Listen, my fellow citizens, to our illustrious leader discoursing on the complexities of Native American tribes and the federal government. Yes, listen, as even a hand-picked crowd of supporters can't help but laugh at his mental deficiency. This is the giant you have chosen to defend you from terrorists and keep away all your bad dreams!
So I pulled a fun one today. On my way in to work, I see a mirror left outside someone's house. It's about two feet by three feet, partly broken, and I think, hey, I could maybe use that to make art or something. So I pull over and go pick it up to put in the car: it's one of those nice heavy mirrors, with nearly a centimeter of glass. I start walking towards the car.

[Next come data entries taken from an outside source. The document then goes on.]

(* Let $G=(V,E)$ be a $k$-uniform cored hypergraph ($k\ge3$) and let $\mathbf x\in\mathbb R^n$ be an H-eigenvector of its Laplacian tensor $\mathcal L$ corresponding to an H-eigenvalue $\lambda\neq1$. If $i,j$ are two cored vertices lying in a common edge $e\in E$, then $|x_i|=|x_j|$; moreover $x_i=x_j$ when $k$ is odd.
   Context: A $k$-uniform hypergraph $G=(V,E)$ has $V=[n]$ and a nonempty set $E$ of $k$-element subsets of $V$; $d_i$ is the number of edges containing $i$. A cored vertex is a vertex of degree one; $G$ is cored if every edge contains a cored vertex. The Laplacian tensor $\mathcal L=\mathcal D-\mathcal A$ ($\mathcal D$ diagonal with entries $d_i$, $\mathcal A$ with entries $\frac1{(k-1)!}$ at index tuples forming an edge and $0$ otherwise) satisfies $(\mathcal L\mathbf x^{k-1})_i=d_ix_i^{k-1}-\sum_{e\in E,\,i\in e}\prod_{s\in e\setminus\{i\}}x_s$. A real $\lambda$ is an H-eigenvalue with H-eigenvector $\mathbf x\neq0$ if $(\mathcal L\mathbf x^{k-1})_i=\lambda x_i^{k-1}$ for all $i$. *)

From mathcomp Require Import all_boot all_order all_algebra.
From mathcomp Require Import reals.
Set Implicit Arguments. Unset Strict Implicit. Unset Printing Implicit Defensive.
Import Order.TTheory GRing.Theory Num.Theory.
Local Open Scope ring_scope.

Definition uniform_hypergraph (n k : nat) (E : {set {set 'I_n}}) : Prop :=
  E != set0 /\ forall e, e \in E -> #|e| = k.

Definition degree (n : nat) (E : {set {set 'I_n}}) (i : 'I_n) : nat :=
  #|[set e in E | i \in e]|.

Definition cored_vertex (n : nat) (E : {set {set 'I_n}}) (i : 'I_n) : Prop :=
  degree E i = 1%N.

Definition cored (n : nat) (E : {set {set 'I_n}}) : Prop :=
  forall e, e \in E -> exists2 i, i \in e & cored_vertex E i.

(* (L x^{k-1})_i = d_i x_i^{k-1} - sum_{e in E, i in e} prod_{s in e \ {i}} x_s *)
Definition laplacian_apply (R : nzRingType) (n k : nat) (E : {set {set 'I_n}})
  (x : 'I_n -> R) (i : 'I_n) : R :=
  (degree E i)%:R * x i ^+ k.-1
  - \sum_(e in E | i \in e) \prod_(s in e :\ i) x s.

Definition H_eigenpair (R : nzRingType) (n k : nat) (E : {set {set 'I_n}})
  (lambda : R) (x : 'I_n -> R) : Prop :=
  (exists i, x i != 0) /\
  forall i, laplacian_apply k E x i = lambda * x i ^+ k.-1.

From mathcomp Require Import all_boot all_order all_algebra.
From mathcomp Require Import reals ring.
Set Implicit Arguments. Unset Strict Implicit. Unset Printing Implicit Defensive.
Import Order.TTheory GRing.Theory Num.Theory.
Local Open Scope ring_scope.

(* At a cored vertex i of the edge e the eigen-equation has a single summand,
   d_i x_i^{k-1} - prod_{s in e \ i} x_s = lambda x_i^{k-1} with d_i = 1, and
   multiplying by x_i gives (1 - lambda) x_i^k = prod_{s in e} x_s.  The right
   side does not depend on i, so for lambda <> 1 all cored vertices of e have
   the same x_i^k: equal moduli, and equal values when k is odd. *)

Lemma cored_edges_at (n : nat) (E : {set {set 'I_n}}) (i : 'I_n) (e : {set 'I_n}) :
  cored_vertex E i -> e \in E -> i \in e -> [set e' in E | i \in e'] = [set e].
Proof.
move=> /eqP/cards1P [f Hf] eE ie.
have : e \in [set e' in E | i \in e'] by rewrite inE eE ie.
by rewrite Hf inE => /eqP ->.
Qed.

Lemma laplacian_apply_cored (R : nzRingType) (n k : nat) (E : {set {set 'I_n}})
  (x : 'I_n -> R) (i : 'I_n) (e : {set 'I_n}) :
  cored_vertex E i -> e \in E -> i \in e ->
  laplacian_apply k E x i = x i ^+ k.-1 - \prod_(s in e :\ i) x s.
Proof.
move=> ci eE ie; rewrite /laplacian_apply [degree E i]ci mul1r.
rewrite (eq_bigl [in [set e' in E | i \in e']]); last by move=> e'; rewrite inE.
by rewrite (cored_edges_at ci eE ie) big_set1.
Qed.

Lemma cored_eigen_product (R : comNzRingType) (n k : nat) (E : {set {set 'I_n}})
  (lambda : R) (x : 'I_n -> R) (i : 'I_n) (e : {set 'I_n}) :
  (0 < k)%N -> H_eigenpair k E lambda x ->
  cored_vertex E i -> e \in E -> i \in e ->
  (1 - lambda) * x i ^+ k = \prod_(s in e) x s.
Proof.
move=> k_gt0 [_ eig] ci eE ie.
have := eig i; rewrite (laplacian_apply_cored _ _ ci eE ie) => eig_i.
rewrite (bigD1 i) //= (eq_bigl [in e :\ i]); last by move=> s; rewrite !inE andbC.
have -> : \prod_(s in e :\ i) x s = (1 - lambda) * x i ^+ k.-1.
  by rewrite mulrBl mul1r -eig_i; ring.
by rewrite -{1}(prednK k_gt0) exprS; ring.
Qed.

Lemma eq_norm_of_eqXn (R : numDomainType) (m : nat) (a b : R) :
  (0 < m)%N -> a ^+ m = b ^+ m -> `|a| = `|b|.
Proof.
by move=> m_gt0 eq_ab; apply/eqP; rewrite -(eqrXn2 m_gt0) // -!normrX eq_ab.
Qed.

Lemma eq_of_eqXn_odd (R : realDomainType) (m : nat) (a b : R) :
  odd m -> a ^+ m = b ^+ m -> a = b.
Proof.
move=> m_odd eq_ab.
have sgX_odd (c : R) : Num.sg (c ^+ m) = Num.sg c.
  have [-> | c_neq0] := eqVneq c 0; first by rewrite expr0n gtn_eqF ?odd_gt0 // sgr0.
  by rewrite sgrX sgr_odd // m_odd expr1.
rewrite [a]numEsg [b]numEsg -sgX_odd eq_ab sgX_odd.
by rewrite (eq_norm_of_eqXn (odd_gt0 m_odd) eq_ab).
Qed.

Theorem lemma3p1 (R : realType) (n k : nat) (E : {set {set 'I_n}})
  (lambda : R) (x : 'I_n -> R) (i j : 'I_n) (e : {set 'I_n}) :
  (3 <= k)%N ->
  uniform_hypergraph k E ->
  cored E ->
  H_eigenpair k E lambda x ->
  lambda != 1 ->
  e \in E -> i \in e -> j \in e ->
  cored_vertex E i -> cored_vertex E j ->
  `|x i| = `|x j| /\ (odd k -> x i = x j).
Proof.
move=> k_ge3 _ _ eig lambda_neq1 eE ie je ci cj.
have k_gt0 : (0 < k)%N by apply: leq_trans k_ge3.
have eq_powers : x i ^+ k = x j ^+ k.
  apply: (mulfI (_ : 1 - lambda != 0)); first by rewrite subr_eq0 eq_sym.
  by rewrite (cored_eigen_product k_gt0 eig ci eE ie) (cored_eigen_product k_gt0 eig cj eE je).
split; first exact: eq_norm_of_eqXn eq_powers.
by move=> k_odd; exact: eq_of_eqXn_odd eq_powers.
Qed.
Lemma Filt_ext n X E Y i p : short_exact X E Y i p -> filtn n X -> Filt Y -> Filt E.
Proof.
elim: n X E Y i p => [|n IHn] X E Y i p sesE /=.
  move=> X0; apply: Filt_iso; apply: iso_sym.
  have [_ hp _ surj_p [_ ex_i]] := sesE; apply: bij_hom_iso hp _ surj_p.
  by move=> v /ex_i[u ->]; rewrite (flatmx_eq u 0 X0) mulmx0.
case=> S [X' [j [q [simS sesX filtX']]]] FiltY.
have [hi _ inj_i _ _] := sesE; have [hj _ inj_j _ _] := sesX.
have [E' [c cokE']] := cokernel_exists (is_hom_mul hj hi).
have [i' [p' sesE']] := short_exact_quotient sesE sesX cokE'.
have [m filtE'] := IHn _ _ _ _ _ sesE' filtX' FiltY.
exists m.+1, S, E', (i *m j), c; split => //.
exact: cokernel_short_exact (is_hom_mul hj hi) (injmx_mul inj_i inj_j) cokE'.
Qed.

Lemma simple_hom_filt m Y S h : filtn m Y -> simple_in S -> is_hom S Y h -> h != 0 ->
  injmx h /\ forall C c, is_cokernel S Y h C c -> Filt C.
Proof.
elim: m Y h => [|m IHm] Y h /=; first by move=> Y0 _ _; rewrite (flatmx_eq h 0 Y0) eqxx.
case=> T [Y' [t [q [simT sesY filtY']]]] simS hh h_neq0.
have [_ hq inj_t _ _] := sesY; have [PS _ _] := simS; have [PT _ _] := simT.
(* Either h lands in the bottom factor T, and is then an isomorphism S ~ T by
   Schur's lemma, or h survives in Y' = Y / T and we recurse. *)
have [qh0 | qh_neq0] := eqVneq (q *m h) 0.
  have [h' [hh' hE]] := kernel_factor (short_exact_kernel sesY) hh qh0.
  have h'_neq0 : h' != 0 by apply: contraNneq h_neq0 => h'0; rewrite hE h'0 mulmx0.
  have inj_h' := simple_hom_inj simS PT hh' h'_neq0.
  have surj_h' := simple_hom_surj PS simT hh' h'_neq0.
  split=> [|C c]; first by rewrite hE; apply: injmx_mul.
  rewrite hE => /(cokernel_mul_surj surj_h') cokC; exists m; apply: filtn_iso filtY'.
  exact: cokernel_iso (short_exact_cokernel sesY) cokC.
have [inj_qh FiltC'] := IHm _ _ filtY' simS (is_hom_mul hh hq) qh_neq0.
split=> [w hw0 | C c cokC]; first by apply: inj_qh; rewrite -mulmxA hw0 mulmx0.
have [C' [c' cokC']] := cokernel_exists (is_hom_mul hh hq).
have [m' filtC'] := FiltC' _ _ cokC'.
have [r sesC] := cokernel_short_exact_sub sesY inj_qh cokC cokC'.
by exists m'.+1, T, C', (c *m t), r.
Qed.

Lemma filt_ker_coker n X Y f : filtn n X -> Filt Y -> is_hom X Y f ->
  (forall K k, is_kernel X Y f K k -> Filt K) /\
  (forall C c, is_cokernel X Y f C c -> Filt C).
Proof.
elim: n X Y f => [|n IHn] X Y f /=.
  move=> X0 FiltY hf; split=> [K k [_ inj_k _ _] | C c [hc surj_c _ ex_c]].
    by exists 0%N => /=; apply/eqP; rewrite -leqn0 -X0 (injmx_leq inj_k).
  apply: Filt_iso FiltY; apply: bij_hom_iso hc _ surj_c.
  by move=> v /ex_c[u ->]; rewrite (flatmx_eq u 0 X0) mulmx0.
case=> S [X' [i [q [simS sesX filtX']]]] FiltY hf.
have [hi _ _ surj_q _] := sesX; have cokX' := short_exact_cokernel sesX.
(* Either f kills the bottom factor S and factors through X' = X / S, or it
   embeds S into Y and induces f' : X' -> Y / S with the same kernel and
   cokernel. *)
have [fi0 | fi_neq0] := eqVneq (f *m i) 0.
  have [g [hg fE]] := cokernel_factor cokX' hf fi0; subst f.
  have [IHker IHcoker] := IHn _ _ _ filtX' FiltY hg.
  split=> [K k kerK | C c /(cokernel_mul_surj surj_q)]; last exact: IHcoker.
  have [K' [k' kerK']] := kernel_exists hg.
  have [i' [r sesK]] := kernel_mul_short_exact sesX kerK kerK'.
  have [m filtK'] := IHker _ _ kerK'.
  by exists m.+1, S, K', i', r.
have [m filtY] := FiltY.
have [inj_fi FiltC1] := simple_hom_filt filtY simS (is_hom_mul hi hf) fi_neq0.
have [C1 [c1 cokC1]] := cokernel_exists (is_hom_mul hi hf).
have [hc1 _ c1fi0 _] := cokC1.
have [f' [hf' c1fE]] : exists f', is_hom X' C1 f' /\ c1 *m f = f' *m q.
  by apply: cokernel_factor cokX' (is_hom_mul hf hc1) _; rewrite -mulmxA.
have [IHker IHcoker] := IHn _ _ _ filtX' (FiltC1 _ _ cokC1) hf'.
split=> [K k kerK | C c cokC].
  exact: IHker _ _ (kernel_quotient sesX inj_fi cokC1 c1fE kerK).
by have [c' /IHcoker] := cokernel_quotient sesX cokC1 c1fE cokC.
Qed.

Lemma Filt_wide : wide Filt.
Proof.
split.
- by move=> X Y; apply: Filt_iso.
- by move=> X Y f [n filtX] FiltY hf; apply: (filt_ker_coker filtX FiltY hf).1.
- by move=> X Y f [n filtX] FiltY hf; apply: (filt_ker_coker filtX FiltY hf).2.
- by move=> X E Y i p sesE [n filtX]; apply: Filt_ext sesE filtX.
Qed.

Lemma simple_subobject X : P X -> (0 < fdim X)%N ->
  exists S i, [/\ simple_in S, is_hom S X i & injmx i].
Proof.
have [d le_Xd] : exists d, (fdim X <= d)%N by exists (fdim X).
elim: d X le_Xd => [|d IHd] X le_Xd PX X_gt0; first by move: le_Xd; rewrite leqNgt X_gt0.
have [simX | not_simX] := classic (simple_in X).
  by exists X, 1%:M; split=> // [|w]; [apply: is_hom1 | rewrite mul1mx].
have [K [k [PK hk inj_k K_gt0 not_surj]]] : exists K k,
    [/\ P K, is_hom K X k, injmx k, (0 < fdim K)%N & ~ surjmx k].
  apply: NNPP => no_K; apply: not_simX; split=> // K k PK hk inj_k K_gt0.
  by apply: NNPP => not_surj; apply: no_K; exists K, k.
have le_Kd : (fdim K <= d)%N by rewrite -ltnS (leq_trans (injmx_ltn inj_k not_surj)).
have [S [i [simS hi inj_i]]] := IHd K le_Kd PK K_gt0.
by exists S, (k *m i); split; [| apply: is_hom_mul hi hk | apply: injmx_mul].
Qed.
(* Let $m\ge 2$, $n\ge1$ and $1\le u\le n$ be integers. Then $$\big(\dim\mathcal H_n^m\big)^{-2}\sum_{i=0}^{u-1}d_{\lambda_{n-i}}\;=\;1-\Big[\prod_{i=1}^{u}\frac{n-i+1}{n+m-i}\Big]^2 ,$$ where $d_{\lambda_k}$ is the dimension of $\lambda_k$ and $\dim\mathcal H_n^m=\binom{n+m-1}{n}$.
   Context: For $k\in\mathbb N$, $\lambda_k$ denotes the irreducible representation of $\mathrm{SU}(m)$ with Young diagram $(2k,k,\dots,k,0)$, i.e. first row of $2k$ boxes, rows $2,\dots,m-1$ of $k$ boxes each, and empty $m$-th row; $d_{\lambda_k}$ is its dimension. $\mathcal H_n^m$ is the space of $n$ bosons in $m$ modes, of dimension $\binom{n+m-1}{n}$. *)

From mathcomp Require Import all_boot all_order all_algebra.
Set Implicit Arguments. Unset Strict Implicit. Unset Printing Implicit Defensive.
Import Order.TTheory GRing.Theory Num.Theory.
Local Open Scope ring_scope.

(* Row lengths (0-indexed rows 0..m-1) of the Young diagram (2k,k,...,k,0)
   with m rows: row 0 has 2k boxes, rows 1..m-2 have k boxes, row m-1 is empty. *)
Definition lambda_row (m k : nat) (i : nat) : nat :=
  if i == 0%N then (2 * k)%N else if (i < m.-1)%N then k else 0%N.

(* Dimension of the irreducible SU(m)-representation with highest weight
   given by the partition lam (rows 0..m-1), via the Weyl dimension formula
   d_lam = prod_{i<j} (lam_i - lam_j + j - i) / (j - i). *)
Definition weyl_dim (m : nat) (lam : nat -> nat) : rat :=
  \prod_(i < m) \prod_(j < m | (i < j)%N)
     (((lam i)%:R - (lam j)%:R + (j : nat)%:R - (i : nat)%:R)
        / ((j : nat)%:R - (i : nat)%:R)).

Definition d_lambda (m k : nat) : rat := weyl_dim m (lambda_row m k).

Definition dimH (m n : nat) : nat := 'C(n + m - 1, n).

(* By the Weyl dimension formula d_{lambda_k} = C(k+m-2, m-2)^2 (2k+m-1)/(m-1),
   and this is exactly D_k^2 - D_{k-1}^2 for D_k := dim H_k^m = C(k+m-1, m-1).
   Hence the sum telescopes to D_n^2 - D_{n-u}^2; since D_{k-1}/D_k = k/(k+m-1),
   the product telescopes to D_{n-u}/D_n, and the identity follows. *)
From mathcomp Require Import all_boot all_order all_algebra.
From mathcomp Require Import zify ring.
Import Order.TTheory GRing.Theory Num.Theory.
Local Open Scope ring_scope.

Lemma prod_div_bin (R : numFieldType) (p k : nat) :
  \prod_(1 <= t < p.+1) ((k + t)%:R / t%:R) = 'C(k + p, p)%:R :> R.
Proof.
elim: p => [|p IHp]; first by rewrite big_geq // addn0 bin0.
have p1_neq0 : p.+1%:R != 0 :> R by rewrite pnatr_eq0.
rewrite big_nat_recr //= IHp addnS -[RHS](mulKf p1_neq0) -natrM -mul_bin_diag.
by rewrite natrM /=; ring.
Qed.

Definition weyl_factor (lam : nat -> nat) (i j : nat) : rat :=
  ((lam i)%:R - (lam j)%:R + j%:R - i%:R) / (j%:R - i%:R).

Lemma weyl_dimE (m : nat) (lam : nat -> nat) :
  weyl_dim m lam = \prod_(0 <= i < m) \prod_(i.+1 <= j < m) weyl_factor lam i j.
Proof.
rewrite /weyl_dim big_mkord; apply: eq_bigr => i _.
by rewrite big_geq_mkord.
Qed.

Lemma weyl_factor_eq_rows (lam : nat -> nat) (i j : nat) :
  (i < j)%N -> lam i = lam j -> weyl_factor lam i j = 1.
Proof.
move=> lt_ij eq_lam; rewrite /weyl_factor eq_lam subrr add0r divff //.
by rewrite subr_eq0 eqr_nat neq_ltn lt_ij orbT.
Qed.

Section LambdaDimension.

Variable p : nat.
Local Notation m := p.+2.
Local Notation lam k := (lambda_row m k).

Lemma lambda_row_mid (k i : nat) : (0 < i < p.+1)%N -> lam k i = k.
Proof. by case: i => //= i ltip; rewrite /lambda_row ltip. Qed.

Lemma lambda_row_last (k : nat) : lam k p.+1 = 0%N.
Proof. by rewrite /lambda_row ltnn. Qed.

Lemma weyl_row0 (k : nat) :
  \prod_(1 <= j < m) weyl_factor (lam k) 0 j
  = 'C(k + p, p)%:R * (2 * k%:R + p.+1%:R) / p.+1%:R.
Proof.
rewrite big_nat_recr //= -(prod_div_bin _ p k) /weyl_factor lambda_row_last.
rewrite -mulrA; congr (_ * _).
  apply: eq_big_nat => j ltj; rewrite (lambda_row_mid k j ltj) /lambda_row /=.
  by rewrite !subr0 natrD natrM; congr (_ / _); ring.
by rewrite /lambda_row /= !subr0 natrM.
Qed.

Lemma weyl_row_mid (k i : nat) : (0 < i < p.+1)%N ->
  \prod_(i.+1 <= j < m) weyl_factor (lam k) i j
  = (k + (p.+1 - i))%:R / (p.+1 - i)%:R.
Proof.
move=> lt0ip; rewrite big_nat_recr /=; last by lia.
rewrite big_nat_cond big1 ?mul1r => [|j /andP[ltj _]]; last first.
  by apply: weyl_factor_eq_rows; rewrite ?lambda_row_mid //; lia.
have le_ip : (i <= p.+1)%N by lia.
rewrite /weyl_factor lambda_row_last (lambda_row_mid k i lt0ip) subr0.
by rewrite natrD natrB // addrA.
Qed.

Lemma d_lambdaE (k : nat) :
  d_lambda m k = 'C(k + p, p)%:R ^+ 2 * (2 * k%:R + p.+1%:R) / p.+1%:R.
Proof.
rewrite /d_lambda weyl_dimE big_ltn // weyl_row0 big_nat_recr //=.
rewrite [X in _ * (_ * X)]big_geq // mulr1.
have -> : \prod_(1 <= i < p.+1) \prod_(i.+1 <= j < m) weyl_factor (lam k) i j
          = 'C(k + p, p)%:R.
  rewrite -(prod_div_bin _ p k) (eq_big_nat _ _ (weyl_row_mid k)) big_nat_rev /=.
  by apply: eq_big_nat => t /andP[_ ltt]; rewrite subSS subKn // ltnW.
by rewrite expr2; ring.
Qed.

End LambdaDimension.

Lemma dimH_bin (p k : nat) : dimH p.+2 k = 'C(k + p.+1, p.+1).
Proof. by rewrite /dimH addnS subn1 succnK -[RHS]bin_sub ?leq_addl // addnK. Qed.

Lemma dimH_gt0 (p k : nat) : (0 < dimH p.+2 k)%N.
Proof. by rewrite dimH_bin bin_gt0 leq_addl. Qed.

Lemma dimH_mul_diag (p k : nat) :
  (p.+1 * dimH p.+2 k = (k + p).+1 * 'C(k + p, p))%N.
Proof. by rewrite dimH_bin addnS -mul_bin_diag. Qed.

Lemma dimH_mul_left (p k : nat) :
  (p.+1 * dimH p.+2 k = k.+1 * 'C(k.+1 + p, p))%N.
Proof. by rewrite dimH_bin -addSnnS mul_bin_left addnK. Qed.

Lemma dimH_succ_ratio (p k : nat) :
  (dimH p.+2 k * (k + p.+2) = dimH p.+2 k.+1 * k.+1)%N.
Proof.
apply/eqP; rewrite -(eqn_pmul2l (ltn0Sn p)) !mulnA dimH_mul_left dimH_mul_diag.
by apply/eqP; ring.
Qed.

Section Telescoping.

Variable p : nat.
Local Notation D k := ((dimH p.+2 k)%:R : rat).

Lemma dimH_neq0 (k : nat) : D k != 0.
Proof. by rewrite pnatr_eq0 -lt0n dimH_gt0. Qed.

Lemma d_lambda_succ (k : nat) : d_lambda p.+2 k.+1 = D k.+1 ^+ 2 - D k ^+ 2.
Proof.
have p1_neq0 : p.+1%:R != 0 :> rat by rewrite pnatr_eq0.
apply: (mulfI (expf_neq0 2 p1_neq0)).
rewrite mulrBr -!exprMn -!natrM dimH_mul_diag dimH_mul_left d_lambdaE.
by rewrite !natrM -addnS natrD; field; rewrite addrC natr1.
Qed.

Lemma dimH_ratio (k : nat) : k.+1%:R / (k + p.+2)%:R = D k / D k.+1.
Proof.
apply/eqP; rewrite eqr_div ?dimH_neq0 ?pnatr_eq0 ?addnS //.
by rewrite -!natrM -!addnS dimH_succ_ratio mulnC.
Qed.

Lemma sum_d_lambda (n u : nat) : (u <= n)%N ->
  \sum_(0 <= i < u) d_lambda p.+2 (n - i) = D n ^+ 2 - D (n - u) ^+ 2.
Proof.
elim: u => [|u IHu] lt_un; first by rewrite big_geq // subn0 subrr.
rewrite big_nat_recr //= (IHu (ltnW lt_un)) -(subnSK lt_un) d_lambda_succ.
by rewrite addrA subrK.
Qed.

Lemma prod_dimH_ratio (n u : nat) : (u <= n)%N ->
  \prod_(1 <= i < u.+1) ((n - i + 1)%:R / (n + p.+2 - i)%:R) = D (n - u) / D n.
Proof.
elim: u => [|u IHu] lt_un; first by rewrite big_geq // subn0 divff ?dimH_neq0.
rewrite big_nat_recr //= (IHu (ltnW lt_un)) addn1 -addnBAC // dimH_ratio.
by rewrite -(subnSK lt_un) mulrC mulrA divfK ?dimH_neq0.
Qed.

End Telescoping.

Theorem mainTheorem3 (m n u : nat) (hm : (2 <= m)%N) (hn : (1 <= n)%N)
    (hu1 : (1 <= u)%N) (hun : (u <= n)%N) :
  ((dimH m n)%:R : rat) ^- 2 * \sum_(0 <= i < u) d_lambda m (n - i)
  = 1 - (\prod_(1 <= i < u.+1) ((n - i + 1)%:R / (n + m - i)%:R)) ^+ 2.
Proof.
case: m hm => [|[|p]] // _.
rewrite sum_d_lambda // prod_dimH_ratio //.
by field; rewrite dimH_neq0.
Qed.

I take about two steps and go flying.
I don't know if I tripped on the pavement or completely fell off the curb. The important thing at the time was that I was flying through the air and the mirror was going to hit the ground first, leaving me a nice field of shattered glass on pavement to fall on. I'm pretty satisfied with myself for how it turned out: I had all the time I needed. I knew the mirror would hit the ground first; I saw it hit out of the corner of my eye; I saw the ground coming at me; and I pushed myself off to the right and did a perfect, beautiful aikido roll over my left shoulder, coming up standing and on balance. Well, and bleeding and in a bit of pain: I got some shallow cuts on the edge of my left hand and the outside of my right calf. But no pieces of mirror stuck in me, and much better than doing a full-on spread-eagle. And it gave me something to brag about. Except for the part about tripping and falling in the first place. That was pretty stupid.
In other exciting news, I finally reached one of the CBA blacksmiths, who had previously said he couldn't take a student but he could find some time to show me some basic stuff. It turns out he can take students now, so I'm heading up there Saturday to at least try it out and see if I really like it. Woo hoo!